RU2078070C1 - Method for production of cis- and trans-1,2-dichloroethylenes - Google Patents

Abstract

FIELD: organic synthesis. SUBSTANCE: method is carried out by dehydrogenation of 1,1,2-dichloroethane, the process takes place at atmospheric pressure and at 200-280 C in the presence of heterogeneous catalyst. Proposed catalyst comprises $$$ and $$$ as a base. Concentration of 1,1,2-trichloroethane in nitrogen is $$$ mol/l, its volume rate being 70-700 $$$. Yield of cis-1,2-dichloroethane and trans-1,2-dichloroethane is 33.0-65.5 mol % and 19.3-32.4 mol %, respectively.

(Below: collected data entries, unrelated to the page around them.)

Lemma exp_pow t n : exp t ^ n = exp (INR n * t).
Proof.
  induction n as [|n IH]; simpl pow.
  - simpl INR. rewrite Rmult_0_l, exp_0; ring.
  - rewrite IH, S_INR, <- exp_plus. f_equal. ring.
Qed.

Lemma exp_lower_one_minus x : 0 <= x <= 1/2 -> exp (- (2 * x)) <= 1 - x.
Proof.
  intros Hx. rewrite exp_Ropp.
  assert (H := exp_ineq1_le (2 * x)). assert (He := exp_pos (2 * x)).
  apply Rmult_le_reg_l with (exp (2 * x)); auto.
  rewrite Rinv_r by lra. nra.
Qed.

Lemma pow_one_minus_lower x n a : 0 <= x <= 1/2 -> INR n * x <= 3 / 2 * a ->
  exp (- (3 * a)) <= (1 - x) ^ n.
Proof.
  intros Hx Hn. apply Rle_trans with (exp (- (2 * x)) ^ n).
  - rewrite exp_pow. destruct (Req_dec (INR n * - (2 * x)) (- (3 * a))) as [E|E].
    + rewrite E; lra.
    + left. apply exp_increasing. lra.
  - apply pow_incr. split; [left; apply exp_pos| apply exp_lower_one_minus; auto].
Qed.

Definition Aw (n : nat) (x : R) (k : nat) : R := Binomial.C n k * x ^ k * (1 - x) ^ (n - k).

Lemma Aw_nonneg n x k : 0 <= x <= 1 -> 0 <= Aw n x k.
Proof.
  intros. unfold Aw. apply Rmult_le_pos; [apply Rmult_le_pos|];
    [apply C_nonneg| apply pow_le; lra| apply pow_le; lra].
Qed.

Lemma Aw_sum n x : sumR (fun k => Aw n x k) (S n) = 1.
Proof.
  rewrite sumR_f_R0, <- (pow1 n). replace 1 with (x + (1 - x)) at 1 by ring.
  rewrite Binomial.binomial. reflexivity.
Qed.

Lemma Aw_split n x m y k : Aw n x k = sumR (fun j => Aw n x k * Aw m y j) (S m).
Proof. rewrite sumR_scal, Aw_sum. ring. Qed.

(* The lumped matrix with forward flip probability X and backward flip
   probability Y: MM l X Y b c is the probability that b + Bin(l-b, X)
   - Bin(b, Y) = c for independent binomial variables. *)
Definition MM (l : nat) (X Y : R) (b c : nat) : R :=
  sumR (fun k => sumR (fun j =>
    if Nat.eqb (k + b) (c + j) then Aw (l - b) X k * Aw b Y j else 0) (S b)) (S (l - b)).

Lemma MH_as_MM l kappa q : 1 < INR kappa -> MH l kappa q = MM l q (q / (INR kappa - 1)).
Proof.
  intros Hk.
  assert (HX : pp kappa q * (1 - 1 / INR kappa) = q) by (unfold pp; field; lra).
  assert (HY : pp kappa q / INR kappa = q / (INR kappa - 1)) by (unfold pp; field; lra).
  apply functional_extensionality; intro b. apply functional_extensionality; intro c.
  unfold MH, MM, Aw. cbv zeta. rewrite HX, HY.
  apply sumR_ext; intros k _. apply sumR_ext; intros j _.
  destruct (Nat.eqb _ _); [ring| reflexivity].
Qed.

Lemma sumR_indicator t j v n : (j <= t)%nat ->
  sumR (fun h => if Nat.eqb t (h + j) then v else 0) n = if Nat.ltb t (n + j) then v else 0.
Proof.
  intros Hj. induction n as [|n IH].
  - simpl. destruct (Nat.ltb_spec t j); [lia| reflexivity].
  - simpl sumR. rewrite IH.
    destruct (Nat.ltb_spec t (n + j)), (Nat.eqb_spec t (n + j)), (Nat.ltb_spec t (S n + j));
      try lia; ring.
Qed.

Section LumpedMatrix.
Variables (l : nat) (X Y : R).
Hypothesis HX : 0 <= X <= 1.
Hypothesis HY : 0 <= Y <= 1.

Lemma MM_nonneg b c : 0 <= MM l X Y b c.
Proof.
  unfold MM. apply sumR_nonneg; intros k _. apply sumR_nonneg; intros j _.
  destruct (Nat.eqb _ _); [apply Rmult_le_pos; apply Aw_nonneg; auto| lra].
Qed.

Lemma MM_cumulative b c : sumR (fun h => MM l X Y b h) (S c) =
  sumR (fun k => sumR (fun j =>
    if Nat.leb (k + b) (c + j) then Aw (l - b) X k * Aw b Y j else 0) (S b)) (S (l - b)).
Proof.
  unfold MM. rewrite sumR_swap. apply sumR_ext; intros k Hk.
  rewrite sumR_swap. apply sumR_ext; intros j Hj.
  rewrite sumR_indicator by lia.
  destruct (Nat.ltb_spec (k + b) (S c + j)), (Nat.leb_spec (k + b) (c + j));
    try lia; reflexivity.
Qed.

Lemma MM_row_sum b : (b <= l)%nat -> sumR (fun h => MM l X Y b h) (S l) = 1.
Proof.
  intros Hb. rewrite MM_cumulative, <- (Aw_sum (l - b) X).
  apply sumR_ext; intros k Hk. etransitivity; [| symmetry; apply (Aw_split (l - b) X b Y k)].
  apply sumR_ext; intros j Hj. destruct (Nat.leb_spec (k + b) (l + j)); [reflexivity| lia].
Qed.

(* Going from b down to c < b needs at least b - c backward flips. *)
Lemma MM_cumulative_below b c : (c < b)%nat ->
  sumR (fun h => MM l X Y b h) (S c) <= 2 ^ b * Y ^ (b - c).
Proof.
  intros Hcb. rewrite MM_cumulative.
  set (S0 := sumR (fun j => if Nat.leb b (c + j) then Aw b Y j else 0) (S b)).
  apply Rle_trans with (sumR (fun k => Aw (l - b) X k * S0) (S (l - b))).
  - apply sumR_le; intros k _. unfold S0. rewrite <- sumR_scal. apply sumR_le; intros j _.
    assert (0 <= Aw (l - b) X k * Aw b Y j) by (apply Rmult_le_pos; apply Aw_nonneg; auto).
    destruct (Nat.leb_spec (k + b) (c + j)), (Nat.leb_spec b (c + j)); try lia; lra.
  - replace (sumR (fun k => Aw (l - b) X k * S0) (S (l - b))) with S0.
    2:{ rewrite <- (Rmult_1_l S0) at 1. rewrite <- (Aw_sum (l - b) X), Rmult_comm, <- sumR_scal.
        apply sumR_ext; intros. ring. }
    unfold S0. rewrite <- C_sum2, Rmult_comm, <- sumR_scal. apply sumR_le; intros j _.
    assert (0 <= Binomial.C b j) by apply C_nonneg.
    destruct (Nat.leb_spec b (c + j)).
    + unfold Aw. assert (Y ^ j <= Y ^ (b - c)) by (apply pow_decr; auto; lia).
      assert ((1 - Y) ^ (b - j) <= 1) by (apply pow_le1; lra).
      assert (0 <= (1 - Y) ^ (b - j)) by (apply pow_le; lra).
      assert (0 <= Y ^ j) by (apply pow_le; lra).
      assert (0 <= Binomial.C b j * Y ^ j) by nra.
      nra.
    + assert (0 <= Y ^ (b - c)) by (apply pow_le; lra). nra.
Qed.

Lemma MM_subdiagonal_upper h : MM l X Y (h + 1) h <= 2 ^ (h + 1) * Y.
Proof.
  apply Rle_trans with (sumR (fun c => MM l X Y (h + 1) c) (S h)).
  - apply (sumR_ge_term (fun c => MM l X Y (h + 1) c)); [intros; apply MM_nonneg| lia].
  - eapply Rle_trans; [apply MM_cumulative_below; lia|].
    replace (h + 1 - h)%nat with 1%nat by lia. lra.
Qed.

EFFECT: improved efficiency of the method. 5 tbl

Description

 The invention relates to organic synthesis, in particular to catalytic processes for the preparation of cis and trans-1,2-dichloroethylenes used in the synthesis of polymers.

The known method (US patent N 4816609 MKM C 07 C 17/14 stated. 05/26/1987, N 53925. Publ. 03/28/1989) to obtain cis and trans-1,2-dichloroethylene by dehydrohalogenation of 1,1,2-trichloroethane, consisting in the fact that a reaction mixture containing 101.43 ml of methyl alcohol and 211.17 ml of 1,1,2-trichloroethane is supplied at a rate of 10 ml / min to a catalyst of CsMgCl ₃ · 6H ₂ O at a temperature of 325 ^° C. The degree of conversion of 1,1,2-trichloroethane is 88.6%; the selectivity for cis-1,2-dichloroethylene is 11.5% and for trans-1,2-dichlohethylene 10.2% i.e. the yield for cis-1,2-dichloroethylene is 10.2% and for trans-1,2-dichloroethylene 9%
The disadvantages of this method include the low yield of cis and trans-1,2-dichloroethylenes, the high reaction temperature, and the use of methanol in the process.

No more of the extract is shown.